→ **Brief**: Only one stretch of the data is wanted: the line containing "(sqrtC ((size s)%:R", the line containing "adj E = E /\", and every line between them, copied exactly.

→ **Supplied information**:
(* Let $n\ge 3$ and $3\le d_1\le d_2\le\cdots\le d_n$. In $\mathbb{C}^{d_1}\otimes\cdots\otimes\mathbb{C}^{d_n}$ consider the following product states, where in each state every party not explicitly listed is in the state $|0\rangle$: ($\mathcal{B}_1$) $|0-i\rangle_1|i\rangle_n$ for $1\le i\le d_1-1$; ($\mathcal{B}_{k+1}$, $k=1,\dots,n-1$) $|i\rangle_k|0-i\rangle_{k+1}$ for $1\le i\le d_k-1$; ($\mathcal{B}_{n+k}$, $k=1,\dots,n-2$) $|1\rangle_k|0-i\rangle_{k+1}|i\rangle_{k+2}$ for $d_k\le i\le d_{k+1}-1$; ($\mathcal{B}_{2n-1}$) $|m_i\rangle_1|1\rangle_{n-1}|(i-1)-i\rangle_n$ for $d_{n-1}\le i\le d_n-1$, where $m_i=2$ if $i$ is even and $m_i=1$ if $i$ is odd; ($\mathcal{B}_{2n}$) $|0-2\rangle_1|0-2\rangle_{n-1}|i\rangle_n$ for $d_1\le i\le d_n-1$; ($\mathcal{B}_{2n+1}$) the stopper state $\bigotimes_{l=1}^n|0+1+\cdots+(d_l-1)\rangle_l$. This set has $\sum_{i=2}^{n-1}d_i+2d_n-n+1$ elements, its states are pairwise orthogonal, and for every party $t\in\{1,\dots,n\}$, every orthogonality-preserving local POVM element $E_t$ on party $t$ for this set is proportional to the identity. Consequently, this set cannot be perfectly distinguished by LOCC.
   Context: $\{|i\rangle\}$ is the computational basis; $|i_1\pm i_2\pm\cdots\pm i_r\rangle$ denotes $\frac{1}{\sqrt r}(|i_1\rangle\pm|i_2\rangle\pm\cdots\pm|i_r\rangle)$; subscripts indicate the party; ranges $a\le i\le b$ with $a>b$ are empty. For a set $\{|\psi_a\rangle\}$ of pairwise orthogonal states in $\mathbb{C}^{d_1}\otimes\cdots\otimes\mathbb{C}^{d_n}$, a positive semidefinite operator $E_t$ on $\mathbb{C}^{d_t}$ (a POVM element $M_t^\dagger M_t$ of a measurement by party $t$) is called orthogonality-preserving if $\langle\psi_a|(\mathbb{I}\otimes\cdots\otimes E_t\otimes\cdots\otimes\mathbb{I})|\psi_b\rangle=0$ for all $a\neq b$; the measurement is trivial if all its POVM elements are proportional to the identity. A set of orthogonal states for which every party can only perform trivial orthogonality-preserving measurements cannot be perfectly distinguished by LOCC. *)

From HB Require Import structures.
From mathcomp Require Import all_boot all_order all_algebra.
Set Implicit Arguments. Unset Strict Implicit. Unset Printing Implicit Defensive.
Import Order.TTheory GRing.Theory Num.Theory.
Local Open Scope ring_scope.

(* Conventions: parties are numbered 0..n-1 (paper party k is our party k-1);
   the local dimension of party l is d l. *)

Section Defs.
Variable C : numClosedFieldType.

Definition adj m n (A : 'M[C]_(m, n)) : 'M[C]_(n, m) := (map_mx Num.conj A)^T.

Definition ket (m i : nat) : 'cV[C]_m := \col_(j < m) (((j : nat) == i)%:R).

(* normalized signed superposition: s lists (coefficient, basis index),
   coefficients are +1/-1; result is (1/sqrt r) sum_p coef_p |i_p>. *)
Definition lc (m : nat) (s : seq (C * nat)) : 'cV[C]_m :=
  (sqrtC ((size s)%:R : C))^-1 *: \sum_(p <- s) p.1 *: ket m p.2.

(* A product state is specified by giving, for each party l, its local
   superposition (spec l).  [st a] lists the explicitly given parties;
   every other party is in |0>. *)
Definition spec := nat -> seq (C * nat).

Definition st (a : seq (nat * seq (C * nat))) : spec :=
  fun l => if [seq p.2 | p <- a & p.1 == l] is v :: _ then v else [:: (1, 0%N)].

Definition local_state (d : nat -> nat) (f : spec) (l : nat) : 'cV[C]_(d l) :=
  lc (d l) (f l).

(* < psi_f | (I (x) ... (x) E_t (x) ... (x) I) | psi_g > for product states
   psi_f = (x)_l psi_f,l and psi_g = (x)_l psi_g,l on n parties. *)
Definition sandwich (n : nat) (d : nat -> nat) (f g : spec) (t : nat)
  (E : 'M[C]_(d t)) : C :=
  (\prod_(l < n | (l : nat) != t)
      (adj (local_state d f l) *m local_state d g l) 0 0)
  * (adj (local_state d f t) *m E *m local_state d g t) 0 0.

Definition inner (n : nat) (d : nat -> nat) (f g : spec) : C :=
  \prod_(l < n) (adj (local_state d f l) *m local_state d g l) 0 0.

Definition psd m (E : 'M[C]_m) : Prop :=
  adj E = E /\ forall v : 'cV[C]_m, 0 <= (adj v *m E *m v) 0 0.

Definition orth_preserving (n : nat) (d : nat -> nat) (S : seq spec) (t : nat)
  (E : 'M[C]_(d t)) : Prop :=
  forall a b : nat, (a < size S)%N -> (b < size S)%N -> a <> b ->
    @sandwich n d (nth (fun _ => [::]) S a) (nth (fun _ => [::]) S b) t E = 0.

Definition states_pairwise_orthogonal (n : nat) (d : nat -> nat) (S : seq spec) : Prop :=
  forall a b : nat, (a < size S)%N -> (b < size S)%N -> a <> b ->
    inner n d (nth (fun _ => [::]) S a) (nth (fun _ => [::]) S b) = 0.

Definition trivial_op m (E : 'M[C]_m) : Prop := exists c : C, E = c%:M.

Definition minus0 (i : nat) : seq (C * nat) := [:: (1, 0%N); (-1, i)].
Definition basis1 (i : nat) : seq (C * nat) := [:: (1, i)].

Definition theset (n : nat) (d : nat -> nat) : seq spec :=
  (* B_1 : |0-i>_1 |i>_n, 1 <= i <= d_1 - 1 *)
  [seq st [:: (0%N, minus0 i); (n.-1, basis1 i)] | i <- iota 1 (d 0%N).-1]
  (* B_{k+1}, k = 1..n-1 : |i>_k |0-i>_{k+1}, 1 <= i <= d_k - 1 *)
  ++ flatten [seq [seq st [:: (k, basis1 i); (k.+1, minus0 i)]
                   | i <- iota 1 (d k).-1] | k <- iota 0 n.-1]
  (* B_{n+k}, k = 1..n-2 : |1>_k |0-i>_{k+1} |i>_{k+2}, d_k <= i <= d_{k+1}-1 *)
  ++ flatten [seq [seq st [:: (k, basis1 1); (k.+1, minus0 i); (k.+2, basis1 i)]
                   | i <- iota (d k) (d k.+1 - d k)] | k <- iota 0 n.-2]
  (* B_{2n-1} : |m_i>_1 |1>_{n-1} |(i-1)-i>_n, d_{n-1} <= i <= d_n - 1 *)
  ++ [seq st [:: (0%N, basis1 (if odd i then 1%N else 2%N)); (n.-2, basis1 1);
                 (n.-1, [:: (1, i.-1); (-1, i)])]
      | i <- iota (d n.-2) (d n.-1 - d n.-2)]
  (* B_{2n} : |0-2>_1 |0-2>_{n-1} |i>_n, d_1 <= i <= d_n - 1 *)
  ++ [seq st [:: (0%N, minus0 2); (n.-2, minus0 2); (n.-1, basis1 i)]
      | i <- iota (d 0%N) (d n.-1 - d 0%N)]
  (* B_{2n+1} : stopper state (x)_l |0+1+...+(d_l - 1)> *)
  ++ [:: fun l => [seq (1, j) | j <- iota 0 (d l)]].

End Defs.

From mathcomp Require Import all_boot all_order all_algebra.
From mathcomp Require Import zify.
Import Order.TTheory GRing.Theory Num.Theory.
Local Open Scope ring_scope.
Set Implicit Arguments. Unset Strict Implicit. Unset Printing Implicit Defensive.

(* Every state of the set is a product state, so two of them are orthogonal as
   soon as their local vectors at one party are, and for every pair of states
   such a party is exhibited.  Conversely, if two states have non-orthogonal
   local vectors at every party other than t, orthogonality preservation of E
   on party t says exactly <u|E|v> = 0 for their local vectors u, v at t.
   Pairs of this kind make every off-diagonal entry of E vanish; pairing a
   state whose local vector at t is |0-i> (on the last party and for
   i >= d_(n-1), |(i-1)-i>) with the stopper state then gives E_ii = E_00
   (resp. E_ii = E_(i-1)(i-1)).
   Hence E is scalar. *)

Section LocalAlgebra.
Variable C : numClosedFieldType.
Implicit Types (m : nat) (s : seq (C * nat)).

Lemma adjD m k (A B : 'M[C]_(m, k)) : adj (A + B) = adj A + adj B.
Proof. by apply/matrixP => i j; rewrite !mxE rmorphD. Qed.

Lemma adjZ m k a (A : 'M[C]_(m, k)) : adj (a *: A) = Num.conj a *: adj A.
Proof. by apply/matrixP => i j; rewrite !mxE rmorphM. Qed.

Lemma adj0 m k : adj (0 : 'M[C]_(m, k)) = 0.
Proof. by apply/matrixP => i j; rewrite !mxE rmorph0. Qed.

Definition mxelem m (M : 'M[C]_m) i j : C := (adj (ket C m i) *m M *m ket C m j) 0 0.

Lemma ket_out m k : (m <= k)%N -> ket C m k = 0.
Proof.
move=> le_mk; apply/matrixP => a b; rewrite !mxE.
by case: eqP => // a_k; move: (ltn_ord a); rewrite a_k ltnNge le_mk.
Qed.

Lemma mxelem_out m (M : 'M[C]_m) i j : (m <= i)%N || (m <= j)%N -> mxelem M i j = 0.
Proof.
rewrite /mxelem; case/orP => [/ket_out -> | /ket_out ->].
  by rewrite adj0 !mul0mx mxE.
by rewrite mulmx0 mxE.
Qed.

Lemma mxelem_ord m (M : 'M[C]_m) (i j : 'I_m) : mxelem M i j = M i j.
Proof.
rewrite /mxelem mxE (bigD1 j) //= big1 => [|k]; last first.
  by rewrite -val_eqE [ket _ _ _ _ _]mxE => /negPf ->; rewrite mulr0.
rewrite addr0 [ket _ _ _ _ _]mxE eqxx mulr1 mxE (bigD1 i) //= big1 => [|k].
  by rewrite !mxE eqxx conjC_nat mul1r addr0.
by rewrite -val_eqE !mxE => /negPf ->; rewrite conjC_nat mul0r.
Qed.

Lemma mxelem1 m i j : mxelem (1%:M : 'M[C]_m) i j = ((i == j) && (i < m)%N)%:R.
Proof.
have [lt_im | le_mi] := ltnP i m; last by rewrite mxelem_out ?le_mi // andbF.
have [lt_jm | le_mj] := ltnP j m; last first.
  rewrite mxelem_out ?le_mj ?orbT //; case: eqP => // i_j.
  by move: lt_im; rewrite i_j ltnNge le_mj.
by rewrite (mxelem_ord _ (Ordinal lt_im) (Ordinal lt_jm)) mxE andbT.
Qed.

Definition braket m (M : 'M[C]_m) s s' : C :=
  \sum_(p <- s) \sum_(q <- s') Num.conj p.1 * q.1 * mxelem M p.2 q.2.

Definition overlap m s s' : C := braket (1%:M : 'M[C]_m) s s'.

Definition lc_factor s : C := (sqrtC (size s)%:R)^-1.

Lemma braket_nil m (M : 'M[C]_m) s : braket M [::] s = 0.
Proof. by rewrite /braket big_nil. Qed.

Lemma braket_nilr m (M : 'M[C]_m) s : braket M s [::] = 0.
Proof. by rewrite /braket big1 // => p _; rewrite big_nil. Qed.

Lemma lc_factor_neq0 s : s != [::] -> lc_factor s != 0.
Proof. by case: s => // p s _; rewrite invr_eq0 sqrtC_eq0 pnatr_eq0. Qed.

Lemma lc_braket m (M : 'M[C]_m) s s' :
  (adj (lc m s) *m M *m lc m s') 0 0
  = Num.conj (lc_factor s) * lc_factor s' * braket M s s'.
Proof.
rewrite /lc adjZ -!scalemxAl -scalemxAr [LHS]mxE [X in _ * X]mxE mulrA.
congr (_ * _).
rewrite (big_morph _ (@adjD _ _) (@adj0 _ _)) mulmx_suml mulmx_suml summxE.
apply: eq_bigr => p _; rewrite mulmx_sumr summxE; apply: eq_bigr => q _.
by rewrite adjZ -!scalemxAl -scalemxAr mxE [X in _ * X]mxE mulrA.
Qed.

Lemma lc_braket_eq0 m (M : 'M[C]_m) s s' :
  ((adj (lc m s) *m M *m lc m s') 0 0 == 0) = (braket M s s' == 0).
Proof.
rewrite lc_braket; have [-> | s_nz] := eqVneq s [::].
  by rewrite braket_nil mulr0 eqxx.
have [-> | s'_nz] := eqVneq s' [::]; first by rewrite braket_nilr mulr0 eqxx.
by rewrite !mulf_eq0 conjC_eq0 !(negPf (lc_factor_neq0 _)).
Qed.

Lemma lc_overlap_eq0 m s s' :
  ((adj (lc m s) *m lc m s') 0 0 == 0) = (overlap m s s' == 0).
Proof. by rewrite -lc_braket_eq0 mulmx1. Qed.

Lemma overlapC m s s' : overlap m s' s = Num.conj (overlap m s s').
Proof.
rewrite /overlap /braket rmorph_sum exchange_big; apply: eq_bigr => q _.
rewrite rmorph_sum; apply: eq_bigr => p _.
rewrite !rmorphM /= conjCK !mxelem1 conjC_nat.
by have [->|pq] := eqVneq p.2 q.2; rewrite /= ?mulr0 // [q.1 * _]mulrC.
Qed.

Lemma overlap_neq0C m s s' : overlap m s s' != 0 -> overlap m s' s != 0.
Proof. by rewrite overlapC conjC_eq0. Qed.

Lemma overlap_disjoint m s s' :
  all (fun p => all (fun q => p.2 != q.2) s') s -> overlap m s s' = 0.
Proof.
move/allP=> disj; rewrite /overlap /braket big1_seq // => p /= /disj /allP disj_p.
by rewrite big1_seq // => q /= /disj_p /negPf p_q; rewrite mxelem1 p_q mulr0.
Qed.

Definition offdiag_zero m (M : 'M[C]_m) : Prop :=
  forall i j, (i < m)%N -> (j < m)%N -> i != j -> mxelem M i j = 0.

Definition uniform m : seq (C * nat) := [seq (1, j) | j <- iota 0 m].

→ **Exercise result**:
  (sqrtC ((size s)%:R : C))^-1 *: \sum_(p <- s) p.1 *: ket m p.2.

(* A product state is specified by giving, for each party l, its local
   superposition (spec l).  [st a] lists the explicitly given parties;
   every other party is in |0>. *)
Definition spec := nat -> seq (C * nat).

Definition st (a : seq (nat * seq (C * nat))) : spec :=
  fun l => if [seq p.2 | p <- a & p.1 == l] is v :: _ then v else [:: (1, 0%N)].

Definition local_state (d : nat -> nat) (f : spec) (l : nat) : 'cV[C]_(d l) :=
  lc (d l) (f l).

(* < psi_f | (I (x) ... (x) E_t (x) ... (x) I) | psi_g > for product states
   psi_f = (x)_l psi_f,l and psi_g = (x)_l psi_g,l on n parties. *)
Definition sandwich (n : nat) (d : nat -> nat) (f g : spec) (t : nat)
  (E : 'M[C]_(d t)) : C :=
  (\prod_(l < n | (l : nat) != t)
      (adj (local_state d f l) *m local_state d g l) 0 0)
  * (adj (local_state d f t) *m E *m local_state d g t) 0 0.

Definition inner (n : nat) (d : nat -> nat) (f g : spec) : C :=
  \prod_(l < n) (adj (local_state d f l) *m local_state d g l) 0 0.

Definition psd m (E : 'M[C]_m) : Prop :=
  adj E = E /\ forall v : 'cV[C]_m, 0 <= (adj v *m E *m v) 0 0.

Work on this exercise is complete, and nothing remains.